Defendant contends that the pleadings and affidavits in the instant case presented the factual issue of whether all of the terms of the parties’ agreement were contained in the letter dated August 13,1976. Defendant stated in an affidavit that during the initial interview plaintiff orally agreed to perfect the appeal in the Estate of Sander case, to amend the Harris Bank case, to prepare a defense in the Mackey case and to prepare malpractice actions against attorneys previously retained by defendant. The letter agreement specifically refers only to the Estate of Sander case and then refers to “the immediate problem of your pending lawsuits” and “some rather urgent court dates to meet.” The language “pending lawsuits” and “urgent court dates” is not defined and is ambiguous because at the time the letter was written defendant had at least two pending lawsuits, the Harris Bank case and the Mackey case, in addition to the Estate of Sander case. Also, plaintiff did, in fact, research and prepare a brief in the Harris Bank case. Thus, plaintiff’s own actions indicate that there may have been an oral understanding between the parties and that there is a genuine issue of fact as to whether the letter agreement contained the parties’ complete agreement. In reference to the Mackey case, plaintiff stated in a letter dated January 13,1977, that he had told defendant he could not handle the case; however, defendant stated in her affidavit that plaintiff agreed to prepare a defense to the case. Thus, an issue of fact is raised.

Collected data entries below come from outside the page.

Lemma fclosed_hyp3F2 k r : fclosed k r.+1 =
  (k + 2 * r)`!%:R * k.+1%:R / (dfact (2 * r))%:R *
  hyp3F2 1 (- (k.+1 + r)%:R) (- r%:R) (- (k + 2 * r)%:R / 2)
         (- (k + 2 * r)%:R / 2 + 1 / 2) r.
Proof.
rewrite /fclosed /fsum /hyp3F2 !mulr_sumr (reindex_inj rev_ord_inj) /=.
apply: eq_bigr => -[m lt_mr] _ /=.
have [t ->] : exists t, r = (m + t)%N by exists (r - m)%N; lia.
have -> : ((m + t).+1 - m.+1 = t)%N by lia.
have -> : (k.+1 + (m + t) = m + (t + k.+1))%N by lia.
have -> : (k + 2 * (m + t) = 2 * m + (k + 2 * t))%N by lia.
rewrite poch_half !poch_opp poch1 dfact_double /fterm.
have -> : (k + (m + t).+1 = m + (t + k.+1))%N by lia.
have -> : (2 * t + k = k + 2 * t)%N by lia.
have exp4 i : (4 : rat) ^+ i = 2 ^+ i * 2 ^+ i by rewrite -exprMn -natrM.
rewrite -(addnS t k) !natrM !natrX exp4 (exp4 m) exprS exprD -signr_odd.
by case: (odd m); rewrite ?expr0 ?expr1; field; natr_neq0.
Qed.

Lemma fcount_fclosed k r : (fcount k.+1 (k + r).+2)%:R = fclosed k r.
Proof.
elim: r k => [|r IHr] k; first by rewrite addn0 fcount_eq0 ?fclosed0.
elim: k => [|k IHk].
  rewrite add0n fcountSS // fcount_dfact // natrD !natrM IHr fclosed0S mul1r.
  have -> : (2 * r.+2 - 4 = 2 * r)%N by lia.
  by have -> : (2 * r.+2 - 3 - 0 = (2 * r).+1)%N by lia.
rewrite addSn fcountSS; last lia.
rewrite natrD !natrM IHk addnS -addSn IHr fclosedSS.
by congr (_ + _%:R * _); lia.
Qed.

Theorem lemma9 (n : nat) : (2 <= n)%N ->
  f_is 0 n (dfact (2 * n - 4)) /\
  (forall k : nat, (1 <= k <= n - 2)%N ->
     exists c : nat, f_is k n c /\
       (c%:R : rat) =
         ((2 * n - k - 5)`!)%:R * k%:R / (dfact (2 * n - 2 * k - 4))%:R *
         hyp3F2 1 (2%:R - n%:R) (k%:R + 2%:R - n%:R)
                ((k%:R + 5%:R) / 2%:R - n%:R) (k%:R / 2%:R - n%:R + 3%:R)
                (n - k - 2)).
Proof.
move=> n_ge2; split; first by rewrite -fcount_dfact //; apply: f_is_fcount; lia.
move=> [//|k] /andP[_ k_le]; exists (fcount k.+1 n).
split; first by apply: f_is_fcount; lia.
have [r ->] : exists r, n = (k + r.+1).+2 by exists (n - k - 3)%N; lia.
rewrite fcount_fclosed fclosed_hyp3F2.
have -> : (2 * (k + r.+1).+2 - k.+1 - 5 = k + 2 * r)%N by lia.
have -> : (2 * (k + r.+1).+2 - 2 * k.+1 - 4 = 2 * r)%N by lia.
have -> : ((k + r.+1).+2 - k.+1 - 2 = r)%N by lia.
by congr (_ * hyp3F2 _ _ _ _ _ _); rewrite -!natr1 ?natrD -?natr1; field.
Qed.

The pleadings and affidavits and accompanying exhibits present also a genuine issue of fact as to whether plaintiff performed the services outlined in the letter agreement. In the letter plaintiff stated he would interview certain persons to obtain information, study the files and make a recommendation to defendant during the week of August 16, 1976. Defendant stated in her affidavit that plaintiff did not interview the persons as agreed and did not make any recommendations to her until September 15,1976, at which time he terminated his services. It has been held that whether a contract has been performed according to its terms is a question of fact. George F. Mueller & Sons, Inc. v. Northern Illinois Gas Co. (1975), 32 Ill. App. 3d 249, 253, 336 N.E.2d 185.

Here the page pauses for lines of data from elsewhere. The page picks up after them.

Lemma tnorm_le dim (x : dim.-tuple R) (s : R) : 0 <= s ->
  tnorm x <= s <-> forall i, circ_norm (tnth x i) <= s.
Proof.
by move=> s0; split => [/bigmax_leP[_ le_s] i | le_s]; [exact: le_s | exact/bigmax_leP].
Qed.

Definition box k (A : set R) : set (k.-tuple R) := [set x | forall i, A (tnth x i)].
Arguments box : clear implicits.

Lemma box_cons k A (x : R) (t : k.-tuple R) :
  box k.+1 A [tuple of x :: t] <-> A x /\ box k A t.
Proof.
split=> [Axt | [Ax At] i].
  by split=> [|i]; [exact: Axt ord0 | rewrite -(tnthS x); exact: Axt].
by case: (unliftP ord0 i) => [j ->|->]; first by rewrite tnthS.
Qed.

Lemma tvol_set0 k : tvol (set0 : set (k.-tuple R)) = 0%E.
Proof.
elim: k => [|k IH] /=; first by rewrite asboolF.
by rewrite (_ : (fun _ => _) = cst 0%E) ?integral0 //; apply: funext => x; exact: IH.
Qed.

Lemma tvol_ge0 dim (A : set (dim.-tuple R)) : (0 <= tvol A)%E.
Proof.
elim: dim A => [|k IH] A /=; first by case: (asboolP _).
by apply: integral_ge0 => x _; exact: IH.
Qed.

Lemma lebesgue_unit_fin_num (A : set R) : measurable A ->
  (lebesgue_measure (A `&` `[0%R, 1%R]%classic) \is a fin_num)%E.
Proof.
move=> mA; rewrite ge0_fin_numE ?measure_ge0 //.
apply: (@le_lt_trans _ _ (lebesgue_measure (`[0%R, 1%R]%classic : set R))).
  by apply: le_measure => //; rewrite inE //; exact: measurableI.
by rewrite lebesgue_measure_itv /= lte01 oppr0 adde0 ltry.
Qed.

Lemma tvol_box k A : measurable A ->
  tvol (box k A) = (fine (lebesgue_measure (A `&` `[0%R, 1%R]%classic)) ^+ k)%:E.
Proof.
move=> mA; set m := fine _.
have mE : lebesgue_measure (A `&` `[0%R, 1%R]%classic) = m%:E.
  by rewrite fineK ?lebesgue_unit_fin_num.
elim: k => [|k IH] /=; first by rewrite expr0 asboolT // => -[].
rewrite (_ : (fun _ => _) = (fun x => (\1_A x)%:E * (m ^+ k)%:E)%E); last first.
  apply: funext => x; case: (pselect (A x)) => Ax.
    rewrite indicE mem_set // mul1e -IH; congr tvol.
    by apply/seteqP; split => t /=; rewrite box_cons; [case | split].
  rewrite indicE memNset // mul0e -(tvol_set0 k); congr tvol.
  by apply/seteqP; split => t /=; rewrite box_cons; case.
rewrite ge0_integralZr //; first last.
- by rewrite lee_fin exprn_ge0 // fine_ge0 // measure_ge0.
- by apply/measurable_EFinP; apply: measurable_funTS; exact: measurable_indic.
rewrite integral_indic // exprS EFinM; congr (_ * _)%E; exact: mE.
Qed.
Definition sqrt1 : {set R} := [set u | u ^+ 2 == 1].

Lemma inv_cayley_adjE x y : adj x y = (x - y \in sqrt1).
Proof.
rewrite /inv_cayley_adj inE; case: eqVneq => [->|] //=.
by rewrite subrr expr0n eq_sym oner_eq0.
Qed.

Lemma inv_cayley_adj_sym : symmetric adj.
Proof. by move=> x y; rewrite !inv_cayley_adjE !inE -opprB sqrrN. Qed.

Lemma inv_cayley_adj_irr : irreflexive adj.
Proof. by move=> x; rewrite /inv_cayley_adj eqxx. Qed.

Lemma inv_cayley_dartE d : is_dart adj d = (d.2 - d.1 \in sqrt1).
Proof. by rewrite /is_dart inv_cayley_adj_sym inv_cayley_adjE. Qed.

Lemma inv_cayley_adj_addr1 x : adj x (x + 1).
Proof. by rewrite inv_cayley_adjE inE opprD addNKr sqrrN expr1n. Qed.

Lemma card_inv_cayley_nbr x : #|[set y | adj x y]| = #|sqrt1|.
Proof.
have -> : [set y | adj x y] = (fun y => x - y) @^-1: sqrt1.
  by apply/setP => y; rewrite !inE inv_cayley_adjE inE.
by apply: card_preimset => y z /addrI /oppr_inj.
Qed.

Lemma graph_regular_inv_cayley k : graph_regular adj k <-> #|sqrt1| = k.
Proof. by split=> [/(_ 0)|sqrt1_k x]; rewrite card_inv_cayley_nbr. Qed.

We conclude that genuine issues of material fact were raised by the pleadings and affidavits and that the court erred in granting summary judgment for plaintiff.

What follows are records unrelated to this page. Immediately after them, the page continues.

(* There exist absolute constants $c_1,c_2>0$ such that for all integers $k\geq 1$ and $n\geq k+1$, there exists a connected graph $G_{k,n}$ with $\operatorname{tw}(G_{k,n})=k$ and $|V(G_{k,n})|=n$ such that $$c_1(n+k^2)\leq \operatorname{tw}(G_{k,n}\boxtimes G_{k,n})\leq c_2(n+k^2).$$
   Context: $\operatorname{tw}$ denotes treewidth. The strong product $G \boxtimes H$ has vertex set $V(G)\times V(H)$, with distinct vertices $(a,v),(b,u)$ adjacent iff ($a=b$ or $ab\in E(G)$) and ($u=v$ or $uv\in E(H)$). *)

From Stdlib Require Import Reals.
From mathcomp Require Import all_boot.
Set Implicit Arguments. Unset Strict Implicit. Unset Printing Implicit Defensive.

Definition simple_graph (V : finType) (e : rel V) : Prop :=
  symmetric e /\ irreflexive e.

Definition connected_graph (V : finType) (e : rel V) : Prop :=
  forall x y : V, connect e x y.

Definition is_tree (I : finType) (t : rel I) : Prop :=
  0 < #|I| /\ simple_graph t /\ connected_graph t /\
  (forall c : seq I, 3 <= size c -> ~~ ucycleb t c).

Definition tree_decomposition (V I : finType) (e : rel V) (t : rel I)
    (B : I -> {set V}) : Prop :=
  [/\ is_tree t,
      (forall v : V, exists i : I, v \in B i),
      (forall u v : V, e u v -> exists i : I, (u \in B i) && (v \in B i)) &
      (forall (v : V) (i j : I), v \in B i -> v \in B j ->
          connect [rel a b | [&& t a b, v \in B a & v \in B b]] i j)].

Definition tw_le (V : finType) (e : rel V) (k : nat) : Prop :=
  exists (I : finType) (t : rel I) (B : I -> {set V}),
    tree_decomposition e t B /\ forall i : I, #|B i| <= k.+1.

Definition tw_is (V : finType) (e : rel V) (k : nat) : Prop :=
  tw_le e k /\ forall j, tw_le e j -> k <= j.

Definition strong_prod (V W : finType) (e : rel V) (f : rel W) : rel (V * W) :=
  fun x y => [&& x != y, (x.1 == y.1) || e x.1 y.1 & (x.2 == y.2) || f x.2 y.2].

From Stdlib Require Import Reals Lra Classical.
From mathcomp Require Import all_boot zify.
Set Implicit Arguments. Unset Strict Implicit. Unset Printing Implicit Defensive.

(* G_{k,n} is the clique on {0,...,k} with the other n-k-1 vertices attached as
   pendant leaves to 0.  Its star decomposition (central bag {0,...,k}, a bag
   {0,v} for each leaf v) has width k, and the clique shows tw = k.  For G ⊠ G,
   the product of this decomposition with itself, whose central bag is enlarged
   by the axes {0}×V ∪ V×{0}, has width at most 2n + (k+1)^2.  Conversely the
   clique {0,...,k}^2 and the n-1 pairs {(0,v),(v,0)} are brambles of disjoint,
   connected, pairwise touching sets; by the Helly property of subtrees of a tree
   some bag meets every member of such a bramble, so tw(G ⊠ G) + 1 is at least
   (k+1)^2 and n-1. *)

Section InducedConnectivity.
Variables (I : finType) (t : rel I).

Definition induced (S : {set I}) : rel I := fun a b => [&& a \in S, b \in S & t a b].

Definition connected_in (S : {set I}) : Prop :=
  forall x y, x \in S -> y \in S -> connect (induced S) x y.

Definition leaf_in (U : {set I}) (l : I) : Prop :=
  forall a b, a \in U -> b \in U -> t l a -> t l b -> a = b.

Lemma connected_in_setT : connected_graph t -> connected_in setT.
Proof.
move=> t_conn x y _ _; rewrite (@eq_connect _ _ t) // => a b.
by rewrite /induced !inE.
Qed.

Lemma connected_in_set1 (x : I) : connected_in [set x].
Proof. by move=> a b; rewrite !inE => /eqP-> /eqP->; apply: connect0. Qed.

Lemma connected_in_set2 (x y : I) : t x y -> t y x -> connected_in [set x; y].
Proof.
move=> txy tyx a b; rewrite !inE => /orP[]/eqP-> /orP[]/eqP->;
  by [apply: connect0 | apply: connect1; rewrite /induced !inE !eqxx ?orbT].
Qed.

Lemma connected_in_nbr (S : {set I}) (l y : I) :
  connected_in S -> l \in S -> y \in S -> y != l -> exists2 h, h \in S & t l h.
Proof.
move=> S_conn lS yS yl; have /connectP[[|h p] p_path y_last] := S_conn l y lS yS.
  by rewrite y_last eqxx in yl.
by case/andP: p_path => /and3P[_ hS tlh] _; exists h.
Qed.

Lemma leaf_in_subset (U S : {set I}) (l : I) : S \subset U -> leaf_in U l -> leaf_in S l.
Proof. by move=> /subsetP SU l_leaf a b /SU aU /SU bU; apply: l_leaf. Qed.

(* A shortest path avoids the leaf [l]: through [l] it would enter and leave
   along the same edge. *)
Lemma connected_in_setD1 (S : {set I}) (l : I) :
  symmetric t -> connected_in S -> leaf_in S l -> connected_in (S :\ l).
Proof.
move=> t_sym S_conn l_leaf x y; rewrite !in_setD1 => /andP[xl xS] /andP[yl yS].
have /connectP[p p_path y_last] := S_conn x y xS yS; subst y.
case/shortenP: p_path yl => q q_path q_uniq _ ql.
have lNq : l \notin q.
  apply/negP => lq; case/splitPr: lq q_path q_uniq ql => q1 [|b q2] q_path q_uniq ql.
    by rewrite last_cat eqxx in ql.
  move: q_path; rewrite cat_path /= => /and3P[_ /and3P[aS _ tal] /andP[/and3P[_ bS tlb] _]].
  have ab := l_leaf _ _ aS bS (etrans (t_sym _ _) tal) tlb.
  move: q_uniq; rewrite -cat_cons cat_uniq => /and3P[_ /hasPn/(_ b)] + _.
  by rewrite !inE eqxx orbT => /(_ isT); rewrite -ab -in_cons mem_last.
apply/connectP; exists q => //.
apply: (sub_in_path (P := [pred u | u != l])) q_path => [u w|].
  by rewrite !inE /= => ul wl /and3P[uS wS tuw]; rewrite /induced !in_setD1 ul wl uS wS tuw.
by apply/allP => u; rewrite inE => /orP[/eqP-> // | uq]; apply: contraNneq lNq => <-.
Qed.

End InducedConnectivity.

Section Forest.
Variables (I : finType) (t : rel I).

Lemma exists_maximal_path (U : {set I}) (x : I) : x \in U ->
  exists p, [/\ path t x p, uniq (x :: p), {subset x :: p <= U} &
    forall w, w \in U -> t (last x p) w -> w \in x :: p].
Proof.
move=> xU; suff: forall p, path t x p -> uniq (x :: p) -> {subset x :: p <= U} ->
    exists p, [/\ path t x p, uniq (x :: p), {subset x :: p <= U} &
      forall w, w \in U -> t (last x p) w -> w \in x :: p].
  by move/(_ [::]); apply=> // y; rewrite inE => /eqP->.
move=> p; have [n] := ubnP (#|I| - size p); elim: n => // n IHn in p *.
rewrite ltnS => le_n p_path p_uniq pU.
case: (pickP [pred w | [&& w \in U, t (last x p) w & w \notin x :: p]]) => [w | maximal].
  case/and3P=> wU tw wNp.
  have wp_uniq : uniq (x :: rcons p w) by rewrite -rcons_cons rcons_uniq wNp p_uniq.
  apply: (IHn (rcons p w)) => //.
  - have := max_card (mem (x :: rcons p w)).
    by rewrite (card_uniqP wp_uniq) /= size_rcons; move: #|I| le_n => N; lia.
  - by rewrite rcons_path p_path tw.
  - by move=> y; rewrite -rcons_cons mem_rcons inE => /orP[/eqP-> | /pU].
exists p; split=> // w wU tw; apply: contraFT (maximal w) => wNp.
by rewrite /= wU tw wNp.
Qed.

Hypothesis t_irr : irreflexive t.
Hypothesis t_acyclic : forall c : seq I, 3 <= size c -> ~~ ucycleb t c.

(* Any other neighbour of the endpoint on the path would close a cycle. *)
Lemma uniq_path_adj_last (x : I) (p : seq I) (w : I) :
  path t x p -> uniq (x :: p) -> w \in x :: p -> t (last x p) w ->
  exists p1 y, p = rcons p1 y /\ last x p1 = w.
Proof.
move=> + + w_in; case/splitPl: w_in => p1 p2 wE.
case: p2 => [|y [|y2 p3]] p_path p_uniq tw.
- by rewrite cats0 wE t_irr in tw.
- by exists p1, y; rewrite cats1.
have := @t_acyclic [:: w, y, y2 & p3] isT; rewrite /ucycleb /=.
rewrite cat_path wE in p_path; case/andP: p_path => _ /= /and3P[-> -> p3_path].
rewrite -cat_cons cat_uniq in p_uniq; case/and3P: p_uniq => _ /hasPn w_out yp_uniq.
have wNyp : w \notin [:: y, y2 & p3] by apply/negP => /w_out; rewrite -wE mem_last.
rewrite rcons_path p3_path /=; move: tw; rewrite last_cat wE => /= ->.
by rewrite wNyp /=; move: yp_uniq => /= ->.
Qed.

Lemma exists_leaf_in (U : {set I}) (x : I) : x \in U -> exists2 l, l \in U & leaf_in t U l.
Proof.
case/exists_maximal_path=> p [p_path p_uniq pU p_max].
exists (last x p); first exact/pU/mem_last.
move=> a b aU bU ta tb.
have [p1 [y [pE <-]]] := uniq_path_adj_last p_path p_uniq (p_max a aU ta) ta.
have [p2 [y2 [+ <-]]] := uniq_path_adj_last p_path p_uniq (p_max b bU tb) tb.
by rewrite pE => /rcons_inj[<-].
Qed.

Hypothesis t_sym : symmetric t.

(* Two subtrees through the leaf [l] of [U] both contain its unique neighbour. *)
Lemma setD1_meet_leaf (U S1 S2 : {set I}) (l y1 y2 : I) :
  leaf_in t U l -> S1 \subset U -> S2 \subset U ->
  connected_in t S1 -> connected_in t S2 -> l \in S1 -> l \in S2 ->
  y1 \in S1 -> y1 != l -> y2 \in S2 -> y2 != l -> (S1 :\ l) :&: (S2 :\ l) != set0.
Proof.
move=> l_leaf /subsetP S1U /subsetP S2U S1_conn S2_conn l1 l2 y1S y1l y2S y2l.
have [h h1 tlh] := connected_in_nbr S1_conn l1 y1S y1l.
have [h' h2 tlh'] := connected_in_nbr S2_conn l2 y2S y2l.
have hh' : h = h' := l_leaf _ _ (S1U _ h1) (S2U _ h2) tlh tlh'; subst h'.
have hl : h != l by apply: contraTneq tlh => ->; rewrite t_irr.
by apply/set0Pn; exists h; rewrite inE !in_setD1 hl h1 h2.
Qed.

Defendant also contends that she was denied a fair hearing because the judge displayed prejudice against her and failed to protect her constitutional rights. A reading of the record does not support defendant’s allegations. Rather, the record indicates that the judge was patient with *21defendant and he allowed her an opportunity to present her case. Defendant contends that since she was appearing pro se, she should have been granted more leeway than is granted attorneys who appear before the court. It has been held in criminal cases that once a defendant chooses to waive counsel and represent himself, he is responsible for conducting his own defense (People v. Richardson (1959), 17 Ill. 2d 253, 260, 161 N.E.2d 268) and he may not expect favored treatment even though the result may be that he is less effective as his own attorney (People v. Tuczynski (1978), 62 Ill. App. 3d 644, 650, 378 N.E.2d 1200). This same principle should apply in civil cases.

Based on the foregoing we reverse the order of the circuit court of Cook County and remand the cause for further proceedings not inconsistent with this opinion.

Reversed and remanded.

STAMOS, P. J., and DOWNING, J., concur.